As with RESPA compliance, fair lending compliance can be driven by your fair lending narrative, and your data needs to support your narrative. That said, when the enforcement pendulum swings, until a court is tasked with assessing robust causality, knowing your narrative allows you to make the best case you can to people (who may not be listening) and hoping, as the compliance officer's version of faith, that being demonstrably one of the “good guys” still counts for something.
[1] The MBA LIRC is always a highlight of my year and never disappoints for information and connecting with peers. Special shout out and thank you to Waterstone’s Stephanie Ziebell whose heartfelt expression of gratitude on LinkedIn touched me deeply.
[2] It would be enormously helpful to fair lending jurisprudence and mortgage compliance management if the issue of disparate impact under the Fair Housing Act were to be revisited by SCOTUS in light of recent discrimination related cases involving voting rights and college admissions, but the right vehicle(s) and driver(s) remain elusive.

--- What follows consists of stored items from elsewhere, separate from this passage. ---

Lemma commutator_class_diag (R : rcfType) n (S : {set 'I_n}) (t : 'I_n -> complex R) :
  (forall j, t j * (t j)^* = 1) ->
  \prod_(j in S) t j = 1 -> \prod_(j in ~: S) t j = 1 ->
  exists P D : 'M[complex R]_n, [/\ unitary P, unitary D,
    stablemx (indicator_mx _ S) P, stablemx (indicator_mx _ S) D &
    commmx P D = diag_mx (\row_j t j)].
Proof.
move=> t_unit tS tSc.
pose c j := j \in S.
have class1 i : \prod_(j | c j == c i) t j = 1.
  rewrite /c; case: (boolP (i \in S)) => iS; [rewrite -[RHS]tS | rewrite -[RHS]tSc].
    by apply: eq_bigl => j; rewrite eqb_id.
  by apply: eq_bigl => j; rewrite eqbF_neg finset.in_setC.
pose s := class_cycle c; pose d := class_prefix_prod c t.
have d_unit j : d j * (d j)^* = 1.
  by rewrite /d /class_prefix_prod rmorph_prod -big_split big1 // => l _; apply: t_unit.
have d_neq0 j : d j != 0.
  by apply/eqP => d0; move: (d_unit j); rewrite d0 mul0r => /eqP; rewrite eq_sym oner_eq0.
have s_class i : (s i \in S) = (i \in S).
  by rewrite class_cycleE; apply: (class_succ_class c).
exists (perm_mx s), (diag_mx (\row_j d j)); split.
- exact: unitary_perm.
- exact: unitary_diag.
- apply: stablemx_indicator => i j iS jS; rewrite !mxE.
  by case: eqP => // sij; move: jS; rewrite -sij s_class iS.
- apply: stablemx_indicator => i j iS jS; rewrite mxE.
  by case: eqP => // ij; move: jS; rewrite -ij iS.
- apply: commutator_perm_diag => // i.
  by rewrite /d /s class_cycleE; apply: class_prefix_prod_succ.
Qed.

Lemma critical_value_of_subsum (R : realType) g n (gam : 'I_n -> R) (S : {set 'I_n}) :
  (0 < g)%N -> \det (diag_exp gam) = 1 ->
  (0 < #|S| < n)%N -> (\sum_(j in S) gam j) \is a Num.int ->
  exists (A B : 'I_g -> 'M[complex R]_n) (U : 'M[complex R]_n),
    is_rep A B /\ reducible_rep A B /\ unitary U /\
    U *m diag_exp gam *m adjmx U = Psi_tilde A B.
Proof.
case: g => // g _ det1 S_proper S_int.
pose t j := expi2pi (gam j).
have tS : \prod_(j in S) t j = 1 by apply/eqP; rewrite -expi2pi_sum expi2pi_eq1.
have tT : \prod_j t j = 1.
  by rewrite -[RHS]det1 diag_expE det_diag; apply: eq_bigr => j _; rewrite mxE.
have tSc : \prod_(j in ~: S) t j = 1.
  move: tT; rewrite (bigID (mem S)) /= tS mul1r; apply: etrans.
  by apply: eq_bigl => j; rewrite finset.in_setC.
have [P [D [uP uD sP sD PD]]] := commutator_class_diag (fun j => expi2pi_conjK (gam j)) tS tSc.
exists (fun i => if i == ord0 then P else 1%:M), (fun=> D), 1%:M.
split; [|split; [|split]].
- by move=> i; split=> //; case: ifP => _ //; apply: unitary1.
- exists (indicator_mx _ S).
  have /andP[rk_gt0 rk_ltn] := indicator_mx_rank_proper (complex R) S_proper.
  split=> //; split=> // i; split=> //.
  by case: ifP => _ //; rewrite /= mulmx1.
- exact: unitary1.
rewrite adjmx1 mulmx1 mul1mx /Psi_tilde big_ord_recl eqxx PD.
have -> : \big[mulmx/1%:M]_(i < g) commmx (if lift ord0 i == ord0 then P else 1%:M) D = 1%:M.
  apply: (big_ind (eq^~ 1%:M)) => // [X Y -> ->|i _]; first by rewrite mulmx1.
  rewrite eq_sym (negbTE (neq_lift _ _)) /commmx invmx1 mul1mx mulmx1 mulmxV //.
  exact: unitary_unit.
by rewrite mulmx1.
Qed.

Unset Implicit Arguments.

Theorem mainTheorem4 (R : realType) (g n : nat) (gam : 'I_n -> R) :
  (1 <= g)%N ->
  (forall j, 0 <= gam j < 1) ->
  \det (diag_exp gam) = 1 ->
  (exists (A B : 'I_g -> 'M[complex R]_n) (U : 'M[complex R]_n),
      is_rep A B /\ reducible_rep A B /\ unitary U /\
      U *m diag_exp gam *m adjmx U = Psi_tilde A B)
  <->
  (exists S : {set 'I_n}, (0 < #|S| < n)%N /\
      (\sum_(j in S) gam j) \is a Num.int).
Proof.
move=> g_gt0 _ det1; split.
  case=> A [B [U [repAB [redAB [uU UDU]]]]].
  exact: reducible_critical_subsum repAB redAB uU UDU.
by case=> S [S_proper S_int]; exact: critical_value_of_subsum g_gt0 det1 S_proper S_int.
Qed.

In that regard, based on their respective CEO’s penchant for pushing back against government overreach, I double dog dare a would-be fair lending enforcer and/or plaintiff to make a disparate impact-premised case against Rocket Mortgage or Chase.
[3] I may return to the topic of discouragement in future post, but for now, I think most of the concerns about discouragement under ECOA I raised in earlier Musings have been resolved by the Reg B amendment (assuming courts agree with the amended rule in a post-Chevron legal interpretation landscape).
[4] Home mortgage lenders are subject to both ECOA and the Fair Housing Act.
[5] Texas Dept. of Housing v. Inclusive Communities Project, 576 U.S. 519 (2015). As I noted in footnote #21 to Musing Ed. 92, I could not locate the Inclusive Communities decision on the Supreme Court’s website, but I was able to find it on the Justice Department’s website. Note to the next Attorney General: You might want to ask someone why that is posted.
[6] Robust causality? Is that like “Grave danger”? “Is there another kind?” Or to use an old law school lesson, “Gross negligence is just negligence with a vituperative epithet.”
[7] Kennedy wanted to ensure disparate impact doesn’t become a strict liability regime based solely on outcome disparities and trusted the courts, but not enforcers, to make that determination.
[8] A due process argument about the absence of judicial gatekeeping might be structurally interesting, but faces the classic consent-order problem: banks that signed voluntarily arguably waived the hearing they never got.
[9] Perhaps lending pattern analysis provides a false sense of security for fair lending claims based on intentional discrimination. Robust causality also prevents defense of an intentional discrimination claim based on lack of discriminatory impact.
[10] Peer group lending pattern analysis is costly for sure, and, while less objective than might appear (due to how peer groups are established) is more data driven than divining the discriminatory “intent” of an organization.
[11] Footnote 11 of the U of C paper mentioned infra summarized the debate over use of disparate impact in fair lending as follows: “Disparate impact claims are debated over whether they primarily address discriminatory effects or serve as a proxy for intent. The intent-based view sees unjustified effects as evidence of hidden motive, while an effect-based approach focuses on remedying harm regardless of intent.” See also, the discussion of critical theory and “cognitive dissonance” used to quell debate in this Musing edition about the CFPB’s Covid-era servicing rule proposal.
[12] Trump’s EOs (and a recent Orrick webinar) referred to a “nearly insurmountable presumption of unlawful discrimination.”
[13] Like, “when did you stop beating your wife?”
[14] And look who is back running the consumer protection show in California now…,
[15] For example, if you have bilingual originators you may end up with a greater percentage of borrowers who do not speak English.